Long story short (from what I understood from their latest blog post)
What they did is shared /32 with many servers.
With a port slice of say 2,048 ports, we can share one IP among 31 servers.
Earlier: each server had 1 IP
Now: entire datacenter has single IP and every server is reached with customized port.
For example:
Datacenter in NY has IP address as 1.1.1.1
server 1 will be assigned 1.1.1.1:01
server 2 will be assigned 1.1.1.1:02
server N will be assigned 1.1.1.1:0N
..like that.
How do you find this useful in everyday use at datacenter or server-cluster level??
Comments
Insane amount of over-engineered bullshit just to handle egressing just because v4 nets are expensive.
If this was v6 they won't have problems with the amount of IPs; and even if they needed some magical re-routing capabilities, guess what... they can do it with standard L3 routing like god intended the internet to be.
"YoU'lL nEvEr Be AbLe To UsE AlL IpS iN A /64 sUbNeT, It'S wAsTeFuL"
Suck it
So they use some form of proxy tunnel to serve web requests, send mail, etc?
Yes, IPv6 everywhere is what we need!
Yeah the blog calls this out, on IPv6 the servers have their own IPs because theres plenty to go around and it all works fine. IPv4 is a hellscape of bodge after bodge just to get things working.

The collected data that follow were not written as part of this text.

Lemma distxx a : d a a = 0.
Proof. exact: (@dist_refl _ _ dist_metric). Qed.
Lemma distC a b : d a b = d b a.
Proof. exact: (@dist_sym _ _ dist_metric). Qed.
Lemma dist_ge0 a b : 0 <= d a b.
Proof. exact: (@dist_nonneg _ _ dist_metric). Qed.
Lemma dist_triangle a b c : d a c <= d a b + d b c.
Proof. exact: (@dist_tri _ _ dist_metric). Qed.

Lemma dist_le_ecost u v : d u v <= ecost dist I u v.
Proof. by rewrite /ecost; have := Rabs_pos (atime I u - atime I v); lra. Qed.

Lemma ecostC u v : ecost dist I u v = ecost dist I v u.
Proof. by rewrite /ecost distC Rabs_minus_sym. Qed.

Lemma dualsumC y u v : dualsum y u v = dualsum y v u.
Proof. by apply: eq_bigl => T; rewrite eq_sym. Qed.

Lemma compat_sym u v : compat I u v -> compat I v u.
Proof. by case=> uv Euv; split; [move=> E; apply: uv | lia]. Qed.

Lemma compat_neq u v : compat I u v -> u != v.
Proof. by case=> uv _; apply/eqP. Qed.

Definition dual_at y (v : 'I_n) := \big[Rplus/0]_(T : {set 'I_n} | v \in T) y T.
Definition dual_within y S (a : 'I_n) :=
  \big[Rplus/0]_(T : {set 'I_n} | (T \subset S) && (a \in T)) y T.
Definition dual_inside y S := \big[Rplus/0]_(T : {set 'I_n} | T \subset S) y T.
Definition dual_total y := \big[Rplus/0]_(T : {set 'I_n}) y T.

Definition crossing T : nat :=
  \sum_(p <- sol) ((p.1.1 \in T) (+) (p.1.2 \in T)).
Definition dual_cut y := \big[Rplus/0]_(T : {set 'I_n}) (INR (crossing T) * y T).

Definition conn_cost s := \big[Rplus/0]_(p <- out s) d p.1.1 p.1.2.
Definition pair_wait (p : mtriple n) := (p.2 - atime I p.1.1) + (p.2 - atime I p.1.2).
Definition wait_cost s :=
  \big[Rplus/0]_(p <- out s) pair_wait p +
  \big[Rplus/0]_(w | arrived s w && free s w) (now s - atime I w).

Record invariant s : Prop := {
  act_self : forall w, arrived s w -> w \in act s w;
  act_class : forall w a, arrived s w -> a \in act s w -> act s a = act s w;
  act_arrived : forall w a, arrived s w -> a \in act s w -> arrived s a;
  dual_ge0 : forall T, 0 <= dual s T;
  dual_support : forall T, dual s T <> 0 -> T != set0 /\
    forall w, w \in T -> arrived s w /\ T \subset act s w;
  dual_feas : forall u v, arrived s u -> arrived s v -> compat I u v ->
    dualsum (dual s) u v <= ecost dist I u v;
  dual_at_le_wait : forall v, arrived s v -> dual_at (dual s) v <= now s - atime I v;
  (* Only requests in a common active set get matched, and this bound on their
     distance survives merging along tight edges thanks to the two corrections. *)
  act_diameter : forall w a b, arrived s w -> a \in act s w -> b \in act s w ->
    d a b + dual_within (dual s) (act s w) a + dual_within (dual s) (act s w) b
    <= 2 * dual_inside (dual s) (act s w);
  conn_le_dual : conn_cost s <= 2 * INR (size (out s)) * dual_total (dual s);
  dual_le_wait : dual_total (dual s) <= wait_cost s;
  wait_le_cut : wait_cost s <= dual_cut (dual s);
  out_uniq : uniq (endpoints (out s));
  out_arrived : forall w, w \in endpoints (out s) -> arrived s w;
  out_inside : forall p w, List.In p (out s) -> arrived s w ->
    (p.1.1 \in act s w) = (p.1.2 \in act s w);
  out_compat : forall p, List.In p (out s) -> compat I p.1.1 p.1.2;
  free_incompat : forall w a b, arrived s w -> a \in act s w -> b \in act s w ->
    free s a -> free s b -> ~ compat I a b
}.
Arguments act_self {s} _ [w]. Arguments act_class {s} _ [w a].
Arguments act_arrived {s} _ [w a]. Arguments dual_ge0 {s} _.
Arguments dual_support {s} _ [T]. Arguments dual_feas {s} _ [u v].
Arguments dual_at_le_wait {s} _ [v]. Arguments act_diameter {s} _ [w a b].
Arguments conn_le_dual {s} _. Arguments dual_le_wait {s} _.
Arguments wait_le_cut {s} _. Arguments out_uniq {s} _.
Arguments out_arrived {s} _ [w]. Arguments out_inside {s} _ [p w].
Arguments out_compat {s} _ [p]. Arguments free_incompat {s} _ [w a b].
(* Let $m\ge 2$ be an integer and let $\mathcal{A}\subset\mathbb{R}$ be a finite alphabet. Let $(X^{(j)}_i)_{i\ge 1,\,1\le j\le m}$ be independent and identically distributed random variables with values in $\mathcal{A}$. Let $S:\mathcal{A}^m\to[0,\infty)$ be a function that is not identically zero, is invariant under permutations of its $m$ arguments, satisfies $\sup_{x\in\mathcal{A}^m}S(x)<\infty$, and for which there is a constant $D>0$ such that $|S(x)-S(y)|\le D$ whenever $x,y\in\mathcal{A}^m$ differ in at most one coordinate. For $q=(q_1,\dots,q_m)$ in the domain $Q:=\{q\in(0,\infty)^m:\ q_1+\cdots+q_m=m\}$ let $$\widetilde{\gamma}^*(q):=\lim_{n\to\infty}\frac1n\,\mathbb{E}\Big(L\big(X^{(1)}_1\cdots X^{(1)}_{\lceil nq_1\rceil};\ \cdots;\ X^{(m)}_1\cdots X^{(m)}_{\lceil nq_m\rceil}\big)\Big).$$ Then $\widetilde{\gamma}^*$ is concave on $Q$. In particular, $\widetilde{\gamma}^*$ attains its maximum over $Q$ at $q_1=\cdots=q_m=1$.
   Context: Alignments and optimal score: for finite words $w^{(1)},\dots,w^{(m)}$ over $\mathcal{A}$ of lengths $\ell_1,\dots,\ell_m$, an alignment is a choice of an integer $k\ge 0$ and, for each $j$, indices $1\le \pi^{(j)}_1<\cdots<\pi^{(j)}_k\le \ell_j$; its score is $\sum_{i=1}^k S(w^{(1)}_{\pi^{(1)}_i},\dots,w^{(m)}_{\pi^{(m)}_i})$. The optimal score $L(w^{(1)};\dots;w^{(m)})$ is the maximum score over all alignments. The limit defining $\widetilde{\gamma}^*$ exists (by superadditivity). *)

From HB Require Import structures.
From mathcomp Require Import all_boot all_order all_algebra.
From mathcomp Require Import finmap.
From mathcomp Require Import all_classical all_reals all_analysis.
Set Implicit Arguments.
Unset Strict Implicit.
Unset Printing Implicit Defensive.
Import Order.TTheory GRing.Theory Num.Theory.
Local Open Scope classical_set_scope.
Local Open Scope ring_scope.
Local Open Scope fset_scope.
(* Let $X$ be a Tychonoff space. The following are equivalent: (1) $C_\gamma(X)$ is $\aleph_0$-bounded; (2) $C_m(X)$ is $\aleph_0$-bounded; (3) $C_u(X)$ is $\aleph_0$-bounded; (4) $C_u(X)$ is separable; (5) $X$ is compact and metrizable; (6) $C_\gamma(X)$ is second countable; (7) $C_\gamma(X)$ has a countable network; (8) $C_\gamma(X)$ is separable; (9) $C_\gamma(X)$ is ccc; (10) $C_m(X)$ is separable; (11) $C_m(X)$ is Lindelöf; (12) $C_m(X)$ is ccc.
   Context: $C(X)$ is the set of continuous real-valued functions on a Tychonoff space $X$, a topological group under pointwise addition with identity the zero function. $C_u(X)$: topology of uniform convergence, basic neighborhoods of $f$ are $\{g:|g(x)-f(x)|<\varepsilon\ \forall x\in X\}$, $\varepsilon>0$. $C_m(X)$: $m$-topology, basic neighborhoods $\{g:|g(x)-f(x)|<\varepsilon(x)\ \forall x\in X\}$ with $\varepsilon\in C(X)$ strictly positive. $C_\gamma(X)$: graph topology, basic neighborhoods $\{g:|g(x)-f(x)|<\eta(x)\ \forall x\in X\}$ with $\eta$ a strictly positive lower semicontinuous real-valued function on $X$. A topological group $G$ with identity $e$ is $\aleph_0$-bounded if for each neighborhood $U$ of $e$ there is a countable $A\subset G$ with $G=A\cdot U$. ccc means every family of pairwise disjoint nonempty open sets is countable. *)

From Stdlib Require Import Reals List Classical.
Open Scope R_scope.

Definition Subset {T : Type} (A B : T -> Prop) : Prop := forall x, A x -> B x.

Definition is_topology {T : Type} (op : (T -> Prop) -> Prop) : Prop :=
  op (fun _ => True) /\
  (forall U V, op U -> op V -> op (fun x => U x /\ V x)) /\
  (forall F : (T -> Prop) -> Prop, (forall U, F U -> op U) ->
     op (fun x => exists U, F U /\ U x)).

Definition closed {T : Type} (op : (T -> Prop) -> Prop) (A : T -> Prop) : Prop :=
  op (fun x => ~ A x).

Most other CDNs just throw in a second proxy layer or route it to a peer server instead of what Cloudflare has done.
This simplifies many aspects of routing and caching, and in fact Cloudflare already does with Argo, so I'm not sure why they simply couldn't replicate the same thing in a single datacenter.
It looks more like each server was given a range of ports (for server initiated egress), so e.g. one server might have 4096-8191, another 8192-12287, 12288-16383, etc.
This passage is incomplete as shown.